### Try it
The material below contains a line with "move=> agree; apply: functional_extensionality" and a line with "outcome prof v0 n.+1". Copy exactly those two lines and all lines between them.

### Data records
- Opening Delimiter -

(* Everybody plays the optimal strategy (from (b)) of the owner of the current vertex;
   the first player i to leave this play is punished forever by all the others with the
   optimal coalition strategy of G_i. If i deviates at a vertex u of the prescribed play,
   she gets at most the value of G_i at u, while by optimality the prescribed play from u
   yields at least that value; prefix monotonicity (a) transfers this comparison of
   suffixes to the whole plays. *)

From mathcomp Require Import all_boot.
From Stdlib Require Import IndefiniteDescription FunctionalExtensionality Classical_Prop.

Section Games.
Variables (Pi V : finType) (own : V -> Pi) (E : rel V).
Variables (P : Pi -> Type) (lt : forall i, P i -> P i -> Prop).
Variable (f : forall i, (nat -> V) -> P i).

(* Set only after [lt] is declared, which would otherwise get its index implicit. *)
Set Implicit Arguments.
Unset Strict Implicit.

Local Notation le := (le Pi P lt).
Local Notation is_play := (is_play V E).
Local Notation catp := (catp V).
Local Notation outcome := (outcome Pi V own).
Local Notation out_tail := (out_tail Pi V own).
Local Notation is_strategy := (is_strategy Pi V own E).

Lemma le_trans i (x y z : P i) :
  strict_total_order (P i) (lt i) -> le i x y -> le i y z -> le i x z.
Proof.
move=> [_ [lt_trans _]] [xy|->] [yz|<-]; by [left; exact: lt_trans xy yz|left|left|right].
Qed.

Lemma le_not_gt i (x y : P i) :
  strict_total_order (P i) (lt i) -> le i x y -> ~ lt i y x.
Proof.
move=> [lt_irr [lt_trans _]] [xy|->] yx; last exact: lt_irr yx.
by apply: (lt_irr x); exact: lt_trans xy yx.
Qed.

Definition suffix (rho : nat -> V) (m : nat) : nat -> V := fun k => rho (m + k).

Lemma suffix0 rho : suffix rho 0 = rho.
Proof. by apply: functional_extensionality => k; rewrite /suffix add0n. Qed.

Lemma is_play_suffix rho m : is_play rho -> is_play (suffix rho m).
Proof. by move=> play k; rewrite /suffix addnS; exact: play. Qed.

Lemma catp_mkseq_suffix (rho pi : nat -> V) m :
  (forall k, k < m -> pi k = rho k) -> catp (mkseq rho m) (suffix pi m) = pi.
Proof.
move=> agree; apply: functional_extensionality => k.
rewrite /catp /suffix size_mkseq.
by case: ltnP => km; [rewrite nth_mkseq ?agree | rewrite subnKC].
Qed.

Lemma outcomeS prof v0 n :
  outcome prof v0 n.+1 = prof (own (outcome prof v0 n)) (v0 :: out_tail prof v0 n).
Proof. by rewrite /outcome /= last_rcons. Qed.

- Closing Delimiter -
- Opening Delimiter -

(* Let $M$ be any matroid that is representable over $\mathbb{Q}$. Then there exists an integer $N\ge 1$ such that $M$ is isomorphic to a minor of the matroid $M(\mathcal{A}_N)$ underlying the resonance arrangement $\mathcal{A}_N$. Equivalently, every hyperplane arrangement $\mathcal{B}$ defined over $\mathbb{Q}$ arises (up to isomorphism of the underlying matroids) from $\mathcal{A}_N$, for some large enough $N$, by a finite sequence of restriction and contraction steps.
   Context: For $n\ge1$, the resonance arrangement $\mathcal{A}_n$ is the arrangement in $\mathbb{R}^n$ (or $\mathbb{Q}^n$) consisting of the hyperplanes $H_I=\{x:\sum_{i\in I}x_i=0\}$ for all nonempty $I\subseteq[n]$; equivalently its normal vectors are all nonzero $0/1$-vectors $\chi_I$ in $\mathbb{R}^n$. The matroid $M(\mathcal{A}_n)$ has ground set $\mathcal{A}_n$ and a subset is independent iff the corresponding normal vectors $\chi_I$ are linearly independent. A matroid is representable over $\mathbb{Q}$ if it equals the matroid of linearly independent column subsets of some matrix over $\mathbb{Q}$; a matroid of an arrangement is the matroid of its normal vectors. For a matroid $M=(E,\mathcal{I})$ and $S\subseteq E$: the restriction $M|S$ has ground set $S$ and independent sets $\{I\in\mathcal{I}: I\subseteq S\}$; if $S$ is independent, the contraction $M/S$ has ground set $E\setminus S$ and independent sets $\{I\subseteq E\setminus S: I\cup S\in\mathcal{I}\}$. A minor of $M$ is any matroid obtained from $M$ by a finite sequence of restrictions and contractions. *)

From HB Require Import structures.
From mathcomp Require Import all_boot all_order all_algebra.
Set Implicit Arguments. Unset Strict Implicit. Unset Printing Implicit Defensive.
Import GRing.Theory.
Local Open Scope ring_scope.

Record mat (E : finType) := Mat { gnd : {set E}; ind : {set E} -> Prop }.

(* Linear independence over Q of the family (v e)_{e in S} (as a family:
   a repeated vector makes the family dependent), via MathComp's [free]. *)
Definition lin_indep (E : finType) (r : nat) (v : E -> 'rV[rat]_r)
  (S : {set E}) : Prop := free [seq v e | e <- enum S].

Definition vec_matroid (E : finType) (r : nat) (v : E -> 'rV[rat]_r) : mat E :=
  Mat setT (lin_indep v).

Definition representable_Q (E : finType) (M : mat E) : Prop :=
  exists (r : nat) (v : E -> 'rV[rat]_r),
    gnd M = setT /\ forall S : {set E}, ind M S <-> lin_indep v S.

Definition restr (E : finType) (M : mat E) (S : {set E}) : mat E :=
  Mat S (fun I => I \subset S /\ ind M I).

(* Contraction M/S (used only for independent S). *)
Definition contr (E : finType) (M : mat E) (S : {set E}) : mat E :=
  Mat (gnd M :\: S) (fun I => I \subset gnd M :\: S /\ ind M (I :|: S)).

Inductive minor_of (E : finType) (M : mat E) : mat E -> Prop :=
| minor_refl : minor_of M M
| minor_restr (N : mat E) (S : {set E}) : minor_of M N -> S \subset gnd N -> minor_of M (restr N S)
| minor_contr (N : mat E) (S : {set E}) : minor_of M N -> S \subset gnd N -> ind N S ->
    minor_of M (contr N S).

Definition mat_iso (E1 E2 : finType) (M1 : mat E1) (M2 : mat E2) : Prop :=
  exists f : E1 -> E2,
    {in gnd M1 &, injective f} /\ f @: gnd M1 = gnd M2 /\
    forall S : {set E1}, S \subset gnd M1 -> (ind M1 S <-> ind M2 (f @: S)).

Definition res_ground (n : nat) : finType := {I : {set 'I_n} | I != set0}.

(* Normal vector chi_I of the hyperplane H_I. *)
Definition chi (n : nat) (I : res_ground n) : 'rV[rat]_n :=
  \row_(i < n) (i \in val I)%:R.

- Closing Delimiter -

### Answer below
move=> agree; apply: functional_extensionality => k.
rewrite /catp /suffix size_mkseq.
by case: ltnP => km; [rewrite nth_mkseq ?agree | rewrite subnKC].
Qed.

Lemma outcomeS prof v0 n :
  outcome prof v0 n.+1 = prof (own (outcome prof v0 n)) (v0 :: out_tail prof v0 n).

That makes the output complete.